Graph of failure rates and loads for different numbers of clients

What’s interesting here is that the two approaches have the opposite behavior. The circuit breaker strategy is tripping too early, and approaching the performance of the no retries approach. The token bucket strategy (starting with a full bucket) doesn’t deplete its bucket fast enough, converging on the behavior of n retries. Clearly, neither does a perfect job of solving the retry problem with limited per-client knowledge. A model with state shared between clients would change these results, but also significantly increase the complexity of the system (because clients would need to discover and talk to each other).

Which one is better?

Choosing the right retry strategy depends on what we want to achieve. The ideal is to have a solution with no additional load and 100% success rate no matter the service failure rate. That’s clearly unachievable for a simple reason: clients don’t have any way to know which requests will succeed. The only mechanism they have is trying.

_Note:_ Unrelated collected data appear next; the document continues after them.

Lemma measurable_coord n (Q : set nat) : measurable ([set f | Q (f n)] : set outcomes).
Proof.
have -> : [set f | Q (f n)] = \bigcup_(k in Q) ([set f | f n = k] : set outcomes).
  apply/seteqP; split => [f Qf|f [k Qk]] /=; [by exists (f n)|by move=> ->].
by apply: bigcup_measurable => k _; apply: sub_sigma_algebra; exists n, k.
Qed.

Lemma measurable_coord_eq n m : measurable ([set f | f n = f m] : set outcomes).
Proof.
have -> : [set f | f n = f m] =
    \bigcup_k ([set f | f n = k] `&` [set f | f m = k] : set outcomes).
  apply/seteqP; split => [f e|f [k _ []]] /=; [by exists (f n) => //=; split|by move=> -> ->].
by apply: bigcupT_measurable => k; apply: measurableI; exact: (measurable_coord _ [set k]).
Qed.

Lemma measurable_identifying {Y : Type} (L : nat -> set Y) k :
  measurable (identifying L k : set outcomes).
Proof.
have -> : identifying L k = \bigcup_ns \bigcap_(n in [set n | ns <= n]%N)
    ([set f | f n = f ns] `&` [set f | L (f n) = L k] : set outcomes).
  by apply/seteqP; split => f [ns]; [move=> h|move=> _ h]; exists ns => // n /h.
apply: bigcupT_measurable => ns; apply: bigcap_measurableType => n _.
by apply: measurableI; [exact: measurable_coord_eq|exact: (measurable_coord n [set l | L l = L k])].
Qed.

Lemma measurable_hits {Y : Type} (L : nat -> set Y) i lo hi :
  measurable (hits L i lo hi : set outcomes).
Proof.
have -> : hits L i lo hi =
    \bigcup_(n in [set n | lo <= n < hi]%N) ([set f | L (f n) = L i] : set outcomes).
  by apply/seteqP; split => f [n hn h]; exists n.
by apply: bigcup_measurable => n _; exact: (measurable_coord n [set l | L l = L i]).
Qed.

Lemma measurable_avoids_from {Y : Type} (L : nat -> set Y) i m :
  measurable (avoids_from L i m : set outcomes).
Proof.
have -> : avoids_from L i m =
    \bigcap_(n in [set n | m <= n]%N) ([set f | L (f n) <> L i] : set outcomes).
  by apply/seteqP; split => f h n hn; exact: h.
by apply: bigcap_measurableType => n _; exact: (measurable_coord n [set l | L l <> L i]).
Qed.

Section algorithm.
Context (X : Type) (R : realType) (d : measure_display) (Omega : measurableType d)
  (P : probability Omega R) (A : seq X -> Omega -> nat).
Hypothesis measurable_A : forall s, measurable_fun setT (A s).
(* Let $0\le\gamma_2\le\gamma_1\le\frac\pi2$ with $\gamma_1+\gamma_2\le\frac\pi2$ and $-1\le x_3\le1$, and let $\rho=\frac12(\Sigma_0+x_3\Sigma_3)$. Define $$x_3^{(3,4)}:=\frac{-\sin\gamma_1\{\pm\sin\gamma_1+[\cos\gamma_1\cos\gamma_2+\sin^2\gamma_1]\sin\gamma_2\}}{1+\cos\gamma_1\{\cos\gamma_2-\sin\gamma_2[\cos\gamma_1\sin\gamma_2+\sin^2\gamma_1\tan\gamma_2]\}},$$ with the upper sign ($+$) giving $x_3^{(3)}$ and the lower sign ($-$) giving $x_3^{(4)}$. Then $-1\le x_3^{(3)}\le 0\le x_3^{(4)}\le 1$ and $$g(\rho)=\begin{cases}\frac{(1-x_3)[1+\cos(\gamma_1+\gamma_2)]}{4}, & -1\le x_3\le x_3^{(3)},\\[1ex] \dfrac{(1-x_3^2)\sin\gamma_1\cos\gamma_2(\cos\gamma_2\sin\gamma_1-x_3\cos\gamma_1\sin\gamma_2)}{-2\big[x_3^2-(\cos\gamma_2\sin\gamma_1-x_3\cos\gamma_1\sin\gamma_2)^2\big]}, & x_3^{(3)}<x_3<x_3^{(4)},\\[1ex] \frac{(1+x_3)[1+\cos(\gamma_1-\gamma_2)]}{4}, & x_3^{(4)}\le x_3\le1.\end{cases}$$
   Context: On two qubits, let $\sigma_1,\sigma_2,\sigma_3$ denote the Pauli matrices acting on the first qubit and $\tau_1,\tau_2,\tau_3$ those acting on the second qubit (tensor products with the identity understood). For parameters $\gamma_1,\gamma_2$ set $u=\cos\gamma_1\cos\gamma_2$, $v=\sin\gamma_1\sin\gamma_2$, $z_1=\sin\gamma_1\cos\gamma_2$, $z_2=\cos\gamma_1\sin\gamma_2$, and define the operators $\Sigma_0=\frac12(I+u\sigma_3+v\tau_3+z_1\sigma_1\tau_1+z_2\sigma_2\tau_2)$ (a rank-two projector) and $\Sigma_3=\frac12(v\sigma_3+u\tau_3-z_2\sigma_1\tau_1-z_1\sigma_2\tau_2+\sigma_3\tau_3)$. For a two-qubit density matrix $\rho$, $g(\rho):=\max\operatorname{tr}[\rho(\rho_1\otimes\rho_2)]$, the maximum over all pure single-qubit states $\rho_1,\rho_2$. *)

From Stdlib Require Import Reals Lra.
Open Scope R_scope.

Definition C : Type := (R * R)%type.
Definition Cre (z : C) : R := fst z.
Definition Cim (z : C) : R := snd z.
Definition RtoC (r : R) : C := (r, 0).
Definition C0 : C := (0, 0).
Definition C1 : C := (1, 0).
Definition Ci : C := (0, 1).
Definition Cadd (a b : C) : C := (fst a + fst b, snd a + snd b).
Definition Cmul (a b : C) : C :=
  (fst a * fst b - snd a * snd b, fst a * snd b + snd a * fst b).
Definition Copp (a : C) : C := (- fst a, - snd a).
Definition Cconj (a : C) : C := (fst a, - snd a).
Definition Cnorm2 (a : C) : R := fst a * fst a + snd a * snd a.

Fixpoint Csum (n : nat) (f : nat -> C) : C :=
  match n with
  | O => C0
  | S m => Cadd (Csum m f) (f m)
  end.

(* ---------- matrices: entries indexed from 0; only indices < dim matter ---------- *)
Definition Mat : Type := nat -> nat -> C.
Definition madd (A B : Mat) : Mat := fun i j => Cadd (A i j) (B i j).
Definition mscale (r : R) (A : Mat) : Mat := fun i j => Cmul (RtoC r) (A i j).
Definition mmul (n : nat) (A B : Mat) : Mat :=
  fun i j => Csum n (fun k => Cmul (A i k) (B k j)).
Definition mtrace (n : nat) (A : Mat) : C := Csum n (fun i => A i i).
(* Kronecker product of two 2x2 matrices; index i of C^4 = 2*a + b,
   a the first-qubit index, b the second-qubit index. *)
Definition kron2 (A B : Mat) : Mat :=
  fun i j => Cmul (A (Nat.div i 2) (Nat.div j 2)) (B (Nat.modulo i 2) (Nat.modulo j 2)).

Definition mat2 (a b c d : C) : Mat :=
  fun i j => match i, j with
             | 0%nat, 0%nat => a | 0%nat, 1%nat => b
             | 1%nat, 0%nat => c | 1%nat, 1%nat => d
             | _, _ => C0 end.
Definition I2 : Mat := mat2 C1 C0 C0 C1.
Definition pauli1 : Mat := mat2 C0 C1 C1 C0.
Definition pauli2 : Mat := mat2 C0 (Copp Ci) Ci C0.
Definition pauli3 : Mat := mat2 C1 C0 C0 (Copp C1).
Definition I4 : Mat := kron2 I2 I2.

Definition sig (P : Mat) : Mat := kron2 P I2.
Definition tau (P : Mat) : Mat := kron2 I2 P.

Definition uu (g1 g2 : R) := cos g1 * cos g2.
Definition vv (g1 g2 : R) := sin g1 * sin g2.
Definition zz1 (g1 g2 : R) := sin g1 * cos g2.
Definition zz2 (g1 g2 : R) := cos g1 * sin g2.

Definition Sigma0 (g1 g2 : R) : Mat :=
  mscale (1/2)
    (madd I4 (madd (mscale (uu g1 g2) (sig pauli3))
      (madd (mscale (vv g1 g2) (tau pauli3))
        (madd (mscale (zz1 g1 g2) (kron2 pauli1 pauli1))
              (mscale (zz2 g1 g2) (kron2 pauli2 pauli2)))))).

Definition Sigma3 (g1 g2 : R) : Mat :=
  mscale (1/2)
    (madd (mscale (vv g1 g2) (sig pauli3))
      (madd (mscale (uu g1 g2) (tau pauli3))
        (madd (mscale (- zz2 g1 g2) (kron2 pauli1 pauli1))
          (madd (mscale (- zz1 g1 g2) (kron2 pauli2 pauli2))
                (kron2 pauli3 pauli3))))).

Definition rho (g1 g2 x3 : R) : Mat :=
  mscale (1/2) (madd (Sigma0 g1 g2) (mscale x3 (Sigma3 g1 g2))).

Definition unit2 (psi : nat -> C) : Prop := Cnorm2 (psi 0%nat) + Cnorm2 (psi 1%nat) = 1.
Definition proj (psi : nat -> C) : Mat := fun i j => Cmul (psi i) (Cconj (psi j)).

Definition overlap (r : Mat) (psi phi : nat -> C) : C :=
  mtrace 4 (mmul 4 r (kron2 (proj psi) (proj phi))).

(* g(r) = m : m is the maximum of tr[r (rho1 (x) rho2)] over pure rho1, rho2
   (the trace is real for Hermitian r; we require it real at the maximizer). *)
Definition g_is (r : Mat) (m : R) : Prop :=
  (forall psi phi, unit2 psi -> unit2 phi -> Cre (overlap r psi phi) <= m) /\
  (exists psi phi, unit2 psi /\ unit2 phi /\ overlap r psi phi = RtoC m).

Definition x3_34 (s g1 g2 : R) : R :=
  (- sin g1 * (s * sin g1 + (cos g1 * cos g2 + sin g1 ^ 2) * sin g2)) /
  (1 + cos g1 * (cos g2 - sin g2 * (cos g1 * sin g2 + sin g1 ^ 2 * tan g2))).
Definition x3_3 (g1 g2 : R) : R := x3_34 1 g1 g2.
Definition x3_4 (g1 g2 : R) : R := x3_34 (-1) g1 g2.

Definition g_formula (g1 g2 x3 : R) : R :=
  if Rle_dec x3 (x3_3 g1 g2) then (1 - x3) * (1 + cos (g1 + g2)) / 4
  else if Rlt_dec x3 (x3_4 g1 g2) then
    ((1 - x3 ^ 2) * sin g1 * cos g2 * (cos g2 * sin g1 - x3 * cos g1 * sin g2)) /
    (-2 * (x3 ^ 2 - (cos g2 * sin g1 - x3 * cos g1 * sin g2) ^ 2))
  else (1 + x3) * (1 + cos (g1 - g2)) / 4.

From Pilot Require Import Defs.
From Stdlib Require Import Reals Lra Nsatz.
Open Scope R_scope.

(* For unit vectors psi, phi with Bloch vectors (a, a1, a2) and
      (b, b1, b2), tr[rho (|psi><psi| (x) |phi><phi|)] = (1 + F)/4 where
      F = r a + s b + x a b + c a1 b1 + t a2 b2 with r = u + x v, s = v + x u,
      c = z1 - x z2, t = z2 - x z1.  Since t^2 <= c^2, Cauchy-Schwarz in b reduces the
      maximisation of F to the one-variable bound
         sqrt((s + x a)^2 + c^2 (1 - a^2)) <= M - r a   for all a in [-1, 1],
      and M is the maximum of F as soon as it is attained (by real states).
   2. Generic certificates for that bound: a "corner" certificate (maximum at a = 1,
      b = +-1) and a "tangent" certificate (the bound is tight at one interior a0).
   3. Trigonometry-free algebra in s_i = sin g_i, c_i = cos g_i: the thresholds
      x3_3 = -num3/den and x3_4 = num4/den, and polynomial identities (modulo
      s_i^2 + c_i^2 = 1) factoring the relevant gaps, which show that the corner
      certificates hold below x3_3 and above x3_4 and the tangent one in between.
   4. The three regimes of g(rho), from which the main theorem follows by case analysis. *)

Definition bloch_n (psi : nat -> Defs.C) : R := Cnorm2 (psi 0%nat) + Cnorm2 (psi 1%nat).
Definition bloch_z (psi : nat -> Defs.C) : R := Cnorm2 (psi 0%nat) - Cnorm2 (psi 1%nat).
Definition bloch_x (psi : nat -> Defs.C) : R :=
  2 * (Cre (psi 0%nat) * Cre (psi 1%nat) + Cim (psi 0%nat) * Cim (psi 1%nat)).
Definition bloch_y (psi : nat -> Defs.C) : R :=
  2 * (Cre (psi 0%nat) * Cim (psi 1%nat) - Cim (psi 0%nat) * Cre (psi 1%nat)).

Lemma bloch_sphere (psi : nat -> Defs.C) :
  unit2 psi -> bloch_z psi * bloch_z psi + bloch_x psi * bloch_x psi + bloch_y psi * bloch_y psi = 1.
Proof.
  unfold unit2. intros Hpsi.
  transitivity (bloch_n psi * bloch_n psi).
  - unfold bloch_n, bloch_z, bloch_x, bloch_y, Cnorm2, Cre, Cim. ring.
  - unfold bloch_n. rewrite Hpsi. ring.
Qed.

Definition coef_r (g1 g2 x : R) : R := uu g1 g2 + x * vv g1 g2.
Definition coef_s (g1 g2 x : R) : R := vv g1 g2 + x * uu g1 g2.
Definition coef_c (g1 g2 x : R) : R := zz1 g1 g2 - x * zz2 g1 g2.
Definition coef_t (g1 g2 x : R) : R := zz2 g1 g2 - x * zz1 g1 g2.

Definition bform (r s x c t a a1 a2 b b1 b2 : R) : R :=
  r * a + s * b + x * a * b + c * a1 * b1 + t * a2 * b2.

Lemma overlap_rho_re (g1 g2 x : R) (psi phi : nat -> Defs.C) :
  unit2 psi -> unit2 phi ->
  Cre (overlap (rho g1 g2 x) psi phi) =
  (1 + bform (coef_r g1 g2 x) (coef_s g1 g2 x) x (coef_c g1 g2 x) (coef_t g1 g2 x)
         (bloch_z psi) (bloch_x psi) (bloch_y psi) (bloch_z phi) (bloch_x phi) (bloch_y phi)) / 4.
Proof.
  intros Hpsi Hphi.
  assert (Hgen : Cre (overlap (rho g1 g2 x) psi phi) =
    (bloch_n psi * bloch_n phi + coef_r g1 g2 x * bloch_z psi * bloch_n phi
     + coef_s g1 g2 x * bloch_n psi * bloch_z phi + x * bloch_z psi * bloch_z phi
     + coef_c g1 g2 x * bloch_x psi * bloch_x phi + coef_t g1 g2 x * bloch_y psi * bloch_y phi) / 4).
  { unfold overlap, rho, Sigma0, Sigma3, mtrace, mmul, kron2, proj, madd, mscale, sig, tau,
      I4, I2, pauli1, pauli2, pauli3, mat2, bloch_n, bloch_z, bloch_x, bloch_y,
      coef_r, coef_s, coef_c, coef_t; cbn.
    destruct (psi 0%nat), (psi 1%nat), (phi 0%nat), (phi 1%nat).
    unfold Cre, Cim, Cnorm2, Cadd, Cmul, RtoC, Cconj, Copp, C0, C1, Ci; cbn.
    field. }
  unfold unit2 in Hpsi, Hphi. fold (bloch_n psi) in Hpsi. fold (bloch_n phi) in Hphi.
  rewrite Hgen, Hpsi, Hphi. unfold bform. field.
Qed.

(* Real states (p0, p1); they suffice to attain the maximum. *)
Definition real_state (p0 p1 : R) : nat -> Defs.C :=
  fun n => match n with 0%nat => (p0, 0) | _ => (p1, 0) end.

Lemma overlap_rho_im_real (g1 g2 x p0 p1 q0 q1 : R) :
  Cim (overlap (rho g1 g2 x) (real_state p0 p1) (real_state q0 q1)) = 0.
Proof.
  unfold overlap, rho, Sigma0, Sigma3, mtrace, mmul, kron2, proj, madd, mscale, sig, tau,
    I4, I2, pauli1, pauli2, pauli3, mat2, real_state; cbn.
  unfold Cim, Cadd, Cmul, RtoC, Cconj, Copp, C0, C1, Ci; cbn.
  field.
Qed.

Lemma real_state_of_bloch (a a1 : R) :
  a * a + a1 * a1 = 1 -> 0 <= a1 ->
  exists p0 p1, unit2 (real_state p0 p1) /\ bloch_z (real_state p0 p1) = a /\
    bloch_x (real_state p0 p1) = a1 /\ bloch_y (real_state p0 p1) = 0.
Proof.
  intros Hn Ha1.
  assert (Ha : -1 <= a <= 1) by (split; nra).
  set (p0 := sqrt ((1 + a) / 2)). set (p1 := sqrt ((1 - a) / 2)).
  assert (E0 : p0 * p0 = (1 + a) / 2) by (apply sqrt_sqrt; lra).
  assert (E1 : p1 * p1 = (1 - a) / 2) by (apply sqrt_sqrt; lra).
  assert (Hp : 0 <= p0 * p1) by (apply Rmult_le_pos; apply sqrt_pos).
  exists p0, p1.
  unfold unit2, bloch_z, bloch_x, bloch_y, real_state, Cnorm2, Cre, Cim; cbn.
  split; [lra|]. split; [lra|]. split; [|ring].
  assert (Hsq : (2 * (p0 * p1)) * (2 * (p0 * p1)) = a1 * a1).
  { replace ((2 * (p0 * p1)) * (2 * (p0 * p1))) with (4 * (p0 * p0) * (p1 * p1)) by ring.
    rewrite E0, E1. lra. }
  rewrite Rmult_0_r, !Rplus_0_r. nra.
Qed.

Short of that ideal, what can we have? What most applications want is to have a high success rate when the server failure rate is low, and not too much additional load. No retries fails on the first criterion, and N retries fails on the second. Both the adaptive and circuit breaker strategies succeed to different extents. The circuit breaker approach gives no additional load at high failure rates, which is great. But it suffers from some modality (it’s either retrying or not retrying, and might switch back and forth between the two). The adaptive strategy isn’t modal in the same way, and seems to perform better at lower failure rates, but does give some (tunable) additional load at higher rates.


  1. In other words, each client presents independent Poisson-process arrivals, and keeps its own retry state. The Poisson model here isn’t entirely accurate, but doesn’t matter because we’re not (yet) modelling overload or concurrency.